Elsevier

Vaccine

Volume 20, Issues 31–32, 1 November 2002, Pages 3744-3751
Vaccine

Induction of cytotoxic T-lymphocytes specific for bovine herpesvirus-1 by DNA immunization

https://doi.org/10.1016/S0264-410X(02)00375-4Get rights and content

Abstract

Cytotoxic T-lymphocytes (CTLs) are critical for the defense against herpesvirus infections, in which cell-to-cell spread occurs earlier than the hematogenous spread. The ability of bovine herpesvirus-1 (BHV-1) to undergo latency, to induce apoptosis of CD4+ T-lymphocytes, and to down-regulate the expression of major histocompatibility complex (MHC) class I molecules, necessitates the development of immunization strategies that do not involve the live virus. The objective of this study was to evaluate the feasibility of DNA immunization as a means of induction of CTLs against BHV-1. Mice were injected either by intramuscular (IM) or intradermal (ID) route with a Sindbis virus-based plasmid carrying the gene encoding the glycoprotein D (gD) of BHV-1. Splenocytes from the immunized mice were re-stimulated in vitro with gD-transduced syngeneic fibroblasts. The CTLs generated specifically lysed syngeneic targets, either transduced with gD or infected with BHV-1. IM route of inoculation induced a better CTL response when compared to ID route with respect to onset, magnitude and duration of immunity. These results indicate the feasibility of using a plasmid carrying the gene encoding BHV-1 gD as an immunogen to induce CTLs against BHV-1.

Introduction

Bovine herpesvirus-1 (BHV-1), an alphaherpesvirus, is an important etiological agent of bovine respiratory disease complex which costs over US$ 500 million annually to the US cattle industry alone [1]. The virus causes a wide variety of clinical manifestations that include infectious rhinotracheitis, pustular vulvo-vaginitis/balanoposthitis and neurological disease [2]. Infection with BHV-1 leads to secondary bacterial infection, particularly with Mannheimia (Pasteurella) haemolytica, resulting in fatal calf pneumonia [2]. The ability of BHV-1 to undergo latency and induce immunosuppression presents major difficulties in controlling this infection. The mechanisms of immunosuppression induced by BHV-1 include: (1) down-regulation of cell surface expression of major histocompatibility complex (MHC) class I molecules [3], [4]; and (2) induction of apoptosis of several subtypes of bovine leukocytes such as CD4+ T-lymphocytes, B cells and monocytes [5], [6], [7].

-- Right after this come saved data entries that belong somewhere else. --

(* Let $n \geq 5$ and fix $\tau \in [0, \cos(2\pi/5))$ with $\tau \notin \{\cos(2\pi(i-1)/n) : i = 1,\dots,n\}$. Let $X \in (\mathbb{S}^1)^n$ be the regular $n$-gon, $x_i = (\cos\theta_i, \sin\theta_i)$ with $\theta_i = 2\pi(i-1)/n$. There exists $\varepsilon_{n,\tau} > 0$ such that for all $\varepsilon \in (0, \varepsilon_{n,\tau}]$, $X$ is a critical point of $f(X) = \frac12 \sum_{i,j=1}^n \varphi_{\varepsilon,\tau}(x_i^\top x_j)$ (all weights equal to 1), and the Riemannian Hessian of $f$ at $X$ has one zero eigenvalue and its other $n-1$ eigenvalues are negative.
   Context: $(\mathbb{S}^1)^n$ is the set of $X\in\mathbb{R}^{2\times n}$ with unit-norm columns, a Riemannian submanifold with the Frobenius metric. $\varphi_{\varepsilon,\tau}(t) = \varepsilon\log(1 + e^{(t-\tau)/\varepsilon})$ for $\varepsilon>0$. *)

From HB Require Import structures.
From mathcomp Require Import all_boot all_order all_algebra.
From mathcomp Require Import all_classical all_reals all_analysis.
Set Implicit Arguments. Unset Strict Implicit. Unset Printing Implicit Defensive.
Import Order.TTheory GRing.Theory Num.Theory.
Import numFieldNormedType.Exports.
Local Open Scope ring_scope.

Section Defs.
Variable R : realType.
Variable n : nat.
Notation M := 'M[R]_(2, n).

Definition frob (A B : M) : R := \sum_(r < 2) \sum_(i < n) A r i * B r i.

Definition coldot (A B : M) (i j : 'I_n) : R := \sum_(r < 2) A r i * B r j.

Definition on_torus (X : M) : Prop := forall i, coldot X X i i = 1.

Definition tangent (X V : M) : Prop := forall i, coldot X V i i = 0.

(* orthogonal projection onto the tangent space (columnwise),
   defined for all X (smooth extension off the manifold) *)
Definition proj (X V : M) : M :=
  \matrix_(r < 2, i < n) (V r i - coldot X V i i * X r i).

Definition egrad (f : M -> R) (X : M) : M :=
  \matrix_(r < 2, i < n) ('D_(delta_mx r i) f X).

Definition rgrad (f : M -> R) (X : M) : M := proj X (egrad f X).

(* Riemannian Hessian for a Riemannian submanifold:
   Hess f(X)[V] = Proj_X (D grad f (X)[V]), grad f extended smoothly by
   Y |-> proj Y (egrad f Y). *)
Definition rhess (f : M -> R) (X V : M) : M :=
  proj X ('D_V (fun Y => rgrad f Y) X).

End Defs.

Definition phi (R : realType) (eps tau t : R) : R :=
  eps * ln (1 + expR ((t - tau) / eps)).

Both inactivated and modified live virus (MLV) vaccines against BHV-1 are available. Although the currently available inactivated vaccines induce a good neutralizing antibody response, they are poor inducers of cell-mediated immune (CMI) response. Moreover, the antibody response induced by the inactivated vaccines is short lived. Because the virus spreads via cell-to-cell transfer, and the infection proceeds in the presence of serum neutralizing antibodies, cytotoxic T-lymphocytes (CTLs) are critical for elimination of the virus [8]. Although the MLV vaccines help to control the clinical disease, they do not help in eliminating the virus infection since the vaccine strains can also undergo latency with subsequent reactivation and shedding [9]. Most importantly, the MLV vaccine strains, like the wild-type virus, down-regulate the cell surface expression of MHC class I molecules [3], [4] which is likely to compromise the development of CTLs against not only BHV-1, but also other viruses and intracellular pathogens. Therefore, immunization strategies that do not involve the use of live BHV-1 are better alternatives to the current immunization methods. Such alternatives include subunit vaccines, peptide vaccines, epitope-based vaccines and DNA vaccines [10].

Immunization with a DNA expression cassette encoding a particular immunogen for prophylactic and therapeutic purposes is a novel and revolutionary means in vaccine technology. Injection of a plasmid encoding a specific immunogen results in in vivo transfection of the host cells leading to the expression of the immunogen and development of antigen-specific immune response [11], [12]. DNA immunization of a mammalian host leads to the induction of long lasting antibody and CTL responses [13], [14]. Furthermore, the immune response can be directed towards Th1 or Th2 type of response based on the route of the plasmid delivery and, by co-administration of the plasmids encoding appropriate immunomodulatory cytokines [15], [16].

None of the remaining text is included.